• Your assignment:
Give back, exactly as written, the lines from the beginning of the listing through the one that contains "Context: $C(K)$ is".
### The data
(* Let $K$ be a compact Hausdorff space and $\phi:K\to K$ a continuous map. Suppose there is an uncountable subset $A\subset K$ such that $\phi|_A$ is injective and $\phi(A)\cap A=\emptyset$. Then the composition operator $T=C_\phi:C(K)\to C(K)$, $f\mapsto f\circ\phi$, has the property that for every $g\in\mathfrak B(K)$, the operator $T^*+M_g^*:C(K)^*\to C(K)^*$ does not have separable range.
   Context: $C(K)$ is the Banach space of continuous real-valued functions on $K$ with the sup norm, and $C(K)^*$ is identified with the space of finite regular signed Borel measures on $K$. $\mathfrak B(K)$ denotes the space of bounded real-valued Borel functions on $K$. For $g\in\mathfrak B(K)$, $M_g^*:C(K)^*\to C(K)^*$ is the operator sending a measure $\mu$ to the measure $g\,\mathrm d\mu$. $T^*$ denotes the Banach space adjoint of $T$. *)

From HB Require Import structures.
From mathcomp Require Import all_boot all_order all_algebra.
From mathcomp Require Import all_classical all_reals all_analysis.
Set Implicit Arguments. Unset Strict Implicit. Unset Printing Implicit Defensive.
Import Order.TTheory GRing.Theory Num.Theory.
Import numFieldNormedType.Exports.
Local Open Scope classical_set_scope.
Local Open Scope ring_scope.

Definition Borel (K : ptopologicalType) := g_sigma_algebraType (@open K).

Section defs.
Context (R : realType) (K : ptopologicalType).
Local Notation BK := (Borel K).

Definition regular_measure (mu : {finite_measure set BK -> \bar R}) : Prop :=
  forall E : set BK, measurable E ->
    (forall e : R, 0 < e -> exists U : set K,
        open U /\ E `<=` U /\ (mu U <= mu E + e%:E)%E) /\
    (forall e : R, 0 < e -> exists C : set K,
        compact C /\ C `<=` E /\ (mu E <= mu C + e%:E)%E).

(* An element of C(K)^*, i.e. a finite regular signed Borel measure, is
   represented as a difference mu.1 - mu.2 of two finite regular positive
   Borel measures (Jordan decomposition; every such difference is a regular
   signed measure and every regular signed measure is such a difference). *)
Definition smeas := ({finite_measure set BK -> \bar R} *
                     {finite_measure set BK -> \bar R})%type.

Definition regular_smeas (mu : smeas) : Prop :=
  regular_measure mu.1 /\ regular_measure mu.2.

Definition sm_set (mu : smeas) (A : set BK) : R :=
  fine (mu.1 A) - fine (mu.2 A).

Definition sm_int (mu : smeas) (A : set BK) (f : BK -> R) : R :=
  Rintegral mu.1 A f - Rintegral mu.2 A f.

Definition mul_sm (g : BK -> R) (mu : smeas) (A : set BK) : R :=
  sm_int mu A g.

Definition bounded_borel (g : BK -> R) : Prop :=
  measurable_fun [set: BK] g /\ exists M : R, forall x, `|g x| <= M.

Definition borel_partition (Es : seq (set BK)) : Prop :=
  (forall E, E \in Es -> measurable E) /\
  (forall i j, (i < size Es)%N -> (j < size Es)%N -> i <> j ->
     nth set0 Es i `&` nth set0 Es j = set0) /\
  (forall x : BK, exists2 E, E \in Es & E x).

Definition tv_le (s : set BK -> R) (e : R) : Prop :=
  forall Es, borel_partition Es -> \sum_(E <- Es) `|s E| <= e.

(* nu = T^* mu for the composition operator T = C_phi, i.e.
   (T^* mu)(f) = mu(f o phi) for every f in C(K), under the Riesz
   identification of C(K)^* with regular signed measures *)
Definition is_comp_adjoint (phi : K -> K) (mu nu : smeas) : Prop :=
  forall f : K -> R, continuous f ->
    sm_int nu [set: BK] f = sm_int mu [set: BK] (f \o phi).

Definition in_range_adj (phi : K -> K) (g : BK -> R) (nu : set BK -> R) : Prop :=
  exists mu rho : smeas, [/\ regular_smeas mu, regular_smeas rho,
    is_comp_adjoint phi mu rho &
    forall A : set BK, measurable A -> nu A = sm_set rho A + mul_sm g mu A].

Definition separable_range (phi : K -> K) (g : BK -> R) : Prop :=
  exists nus : nat -> (set BK -> R),
    (forall n, in_range_adj phi g (nus n)) /\
    forall nu, in_range_adj phi g nu ->
      forall e : R, 0 < e -> exists n, tv_le (fun A => nu A - nus n A) e.

End defs.

From HB Require Import structures.
From mathcomp Require Import all_boot all_order all_algebra.
From mathcomp Require Import all_classical all_reals all_analysis.
From mathcomp Require Import measurable_realfun.
From mathcomp Require Import lra.
Set Implicit Arguments. Unset Strict Implicit. Unset Printing Implicit Defensive.

Import Order.TTheory GRing.Theory Num.Theory.
Import numFieldNormedType.Exports.
Local Open Scope classical_set_scope.
Local Open Scope ring_scope.

(* For x in A, the measure  T^* d_x + M_g^* d_x = d_(phi x) + g(x) d_x  lies in
   the range.  For distinct a, b in A the set {phi a} has measure 1 under the
   first (phi a <> a since phi(A) misses A) and 0 under the second (phi b <> phi a
   by injectivity, b <> phi a since phi a is not in A), so these measures are
   1-apart in total variation.  A separable range cannot contain uncountably many
   1-separated elements. *)

Section borel.
Variables (R : realType) (K : ptopologicalType).
Local Notation BK := (Borel K).

Lemma measurable_open (U : set K) : open U -> measurable (U : set BK).
Proof. by move=> oU; apply: sub_sigma_algebra. Qed.

Lemma measurable_closed (U : set K) : closed U -> measurable (U : set BK).
Proof.
move=> cU; rewrite -(setCK U); apply: measurableC.
by apply: measurable_open; exact: closed_openC.
Qed.

Lemma continuous_measurable_fun (f : K -> R) : continuous f ->
  measurable_fun [set: BK] (f : BK -> R).
Proof.
move=> /continuousP cf; apply: (measurability _ (RGenOpens.measurableE R)).
move=> _ [_ [a [b ->] <-]]; rewrite setTI.
by apply: measurable_open; apply: cf; exact: interval_open.
Qed.

Lemma tv_le_norm {s : set BK -> R} {e : R} {S : set BK} :
  tv_le s e -> measurable S -> `|s S| <= e.
Proof.
move=> tvs mS; have part : borel_partition [:: S; ~` S].
  split; [|split].
  - move=> E; rewrite !in_cons in_nil orbF => /orP[/eqP->|/eqP->] //.
    exact: measurableC.
  - move=> [|[|i]] [|[|j]] //= _ _ _; first exact: setICr.
    by rewrite setIC setICr.
  - move=> x; have [Sx|nSx] := pselect (S x).
      by exists S; rewrite // in_cons eqxx.
    by exists (~` S); rewrite // !in_cons eqxx orbT.
have := tvs _ part; rewrite !big_cons big_nil addr0.
by apply: le_trans; rewrite lerDl.
Qed.

Lemma separated_countable (T : Type) (P : (set BK -> R) -> Prop)
    (nus : nat -> set BK -> R) (A : set T) (F : T -> set BK -> R) :
  (forall nu, P nu -> forall e, 0 < e ->
     exists n, tv_le (fun S => nu S - nus n S) e) ->
  (forall x, A x -> P (F x)) ->
  (forall x y, A x -> A y -> x <> y ->
     exists2 S, measurable S & 1 <= `|F x S - F y S|) ->
  countable A.
Proof.
move=> dense PF sep.
have [n approx] : {n : T -> nat & forall x, A x ->
    tv_le (fun S => F x S - nus (n x) S) (1/3)}.
  apply: (@choice _ _ (fun x m => A x -> tv_le (fun S => F x S - nus m S) _)).
  move=> x; have [Ax|nAx] := pselect (A x); last by exists 0%N => /nAx.
  by have [m ?] := dense _ (PF x Ax) (1/3) ltac:(lra); exists m.
apply/countable_injP; exists n => x y /set_mem Ax /set_mem Ay nxy.
apply: contrapT => xy; have [S mS] := sep x y Ax Ay xy.
have := tv_le_norm (approx x Ax) mS; have := tv_le_norm (approx y Ay) mS.
rewrite nxy; have := ler_normB (F x S - nus (n y) S) (F y S - nus (n y) S).
rewrite opprB addrA subrK; lra.
Qed.

End borel.

Section dirac.
Variables (R : realType) (K : ptopologicalType).
Local Notation BK := (Borel K).
Local Notation fmeasure := {finite_measure set BK -> \bar R}.

Definition dirac_smeas (a : BK) : smeas R K := (\d_a : fmeasure, mzero : fmeasure).

Lemma fdiracE (a : BK) (U : set BK) : (\d_a : fmeasure) U = ((a \in U)%:R)%:E.
Proof. exact: diracE. Qed.

Lemma regular_mzero : regular_measure (mzero : fmeasure).
Proof.
move=> E mE; split=> e e0.
  exists setT; split; [exact: openT|split=> //].
  by rewrite /= add0e lee_fin ltW.
exists set0; split; [exact: compact0|split=> //].
by rewrite /= add0e lee_fin ltW.
Qed.

Lemma regular_dirac (a : BK) : hausdorff_space K ->
  regular_measure (\d_a : fmeasure).
Proof.
move=> hK E mE.
have [aE|naE] := boolP (a \in E); split=> e e0.
- exists setT; split; [exact: openT|split=> //].
  by rewrite !fdiracE aE in_setT lee_fin lerDl ltW.
- exists [set a]; split; first exact: compact_set1.
  split; first by move=> _ ->; exact/set_mem.
  by rewrite !fdiracE aE mem_set // lee_fin lerDl ltW.
- exists (~` [set (a : K)]); split.
    exact/closed_openC/accessible_closed_set1/hausdorff_accessible.
  split; first by move=> x Ex xa; move: naE; rewrite -xa (mem_set Ex).
  by rewrite !fdiracE (negbTE naE) memNset //= -EFinD lee_fin add0r ltW.
- exists set0; split; [exact: compact0|split=> //].
  by rewrite !fdiracE (negbTE naE) in_set0 /= -EFinD lee_fin add0r ltW.
Qed.

Lemma regular_dirac_smeas (a : BK) : hausdorff_space K ->
  regular_smeas (dirac_smeas a).
Proof. by move=> hK; split; [exact: regular_dirac|exact: regular_mzero]. Qed.

Lemma sm_int_dirac (a : BK) (D : set BK) (f : BK -> R) :
  measurable D -> measurable_fun D f ->
  sm_int (dirac_smeas a) D f = (a \in D)%:R * f a.
Proof.
move=> mD mf; rewrite /sm_int /Rintegral integral_measure_zero.
by rewrite integral_dirac //= ?subr0 //; exact/measurable_EFinP.
Qed.

Lemma sm_set_dirac (a : BK) (S : set BK) :
  sm_set (dirac_smeas a) S = (a \in S)%:R.
Proof. by rewrite /sm_set /= indicE subr0. Qed.

End dirac.

Section adjoint_dirac.
Variables (R : realType) (K : ptopologicalType) (phi : K -> K) (g : Borel K -> R).
Hypotheses (hK : hausdorff_space K) (cphi : continuous phi)
  (mg : measurable_fun [set: Borel K] g).

Definition adjoint_dirac (x : K) (S : set (Borel K)) : R :=
  sm_set (dirac_smeas R (phi x : Borel K)) S + mul_sm g (dirac_smeas R x) S.

Lemma adjoint_diracE (x : K) (S : set (Borel K)) : measurable S ->
  adjoint_dirac x S = (phi x \in S)%:R + (x \in S)%:R * g x.
Proof.
move=> mS; rewrite /adjoint_dirac /mul_sm sm_set_dirac sm_int_dirac //.
exact: measurable_funS mg.
Qed.

Lemma in_range_adjoint_dirac (x : K) : in_range_adj phi g (adjoint_dirac x).
Proof.
exists (dirac_smeas R x), (dirac_smeas R (phi x)).
split=> //; try exact: regular_dirac_smeas.
move=> f cf; rewrite !sm_int_dirac //; apply: continuous_measurable_fun => //.
by move=> y; apply: continuous_comp; [exact: cphi|exact: cf].
Qed.

End adjoint_dirac.

Theorem lemma4 (R : realType) (K : ptopologicalType) (phi : K -> K)
  (A : set K) :
  compact [set: K] -> hausdorff_space K -> continuous phi ->
  ~ countable A -> {in A &, injective phi} -> phi @` A `&` A = set0 ->
  forall g : Borel K -> R, bounded_borel g -> ~ separable_range phi g.
Proof.
move=> _ hK cphi Aunc injA disj g [mg _] [nus [_ dense]].
have phiA_notin x : A x -> ~ A (phi x).
  move=> Ax Apx; have : (phi @` A `&` A) (phi x) by split=> //; exists x.
  by rewrite disj.
have in_range x : A x -> in_range_adj phi g (adjoint_dirac phi g x).
  by move=> _; exact: in_range_adjoint_dirac.
apply/Aunc/(separated_countable dense in_range).
move=> a b Aa Ab ab.
have m_phia : measurable [set phi a : Borel K].
  by apply: measurable_closed; exact/accessible_closed_set1/hausdorff_accessible.
exists [set phi a : Borel K]; rewrite // !adjoint_diracE //.
rewrite mem_set // !memNset ?mul0r ?addr0 ?subr0 ?normr1 //=.
- by move=> ba; apply: (phiA_notin a Aa); rewrite -ba.
- by move=> e; apply/ab/esym/injA; rewrite ?inE.
- by move=> e; apply: (phiA_notin a Aa); rewrite -e.
Qed.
######
• Completed task:
(* Let $K$ be a compact Hausdorff space and $\phi:K\to K$ a continuous map. Suppose there is an uncountable subset $A\subset K$ such that $\phi|_A$ is injective and $\phi(A)\cap A=\emptyset$. Then the composition operator $T=C_\phi:C(K)\to C(K)$, $f\mapsto f\circ\phi$, has the property that for every $g\in\mathfrak B(K)$, the operator $T^*+M_g^*:C(K)^*\to C(K)^*$ does not have separable range.
   Context: $C(K)$ is the Banach space of continuous real-valued functions on $K$ with the sup norm, and $C(K)^*$ is identified with the space of finite regular signed Borel measures on $K$. $\mathfrak B(K)$ denotes the space of bounded real-valued Borel functions on $K$. For $g\in\mathfrak B(K)$, $M_g^*:C(K)^*\to C(K)^*$ is the operator sending a measure $\mu$ to the measure $g\,\mathrm d\mu$. $T^*$ denotes the Banach space adjoint of $T$. *)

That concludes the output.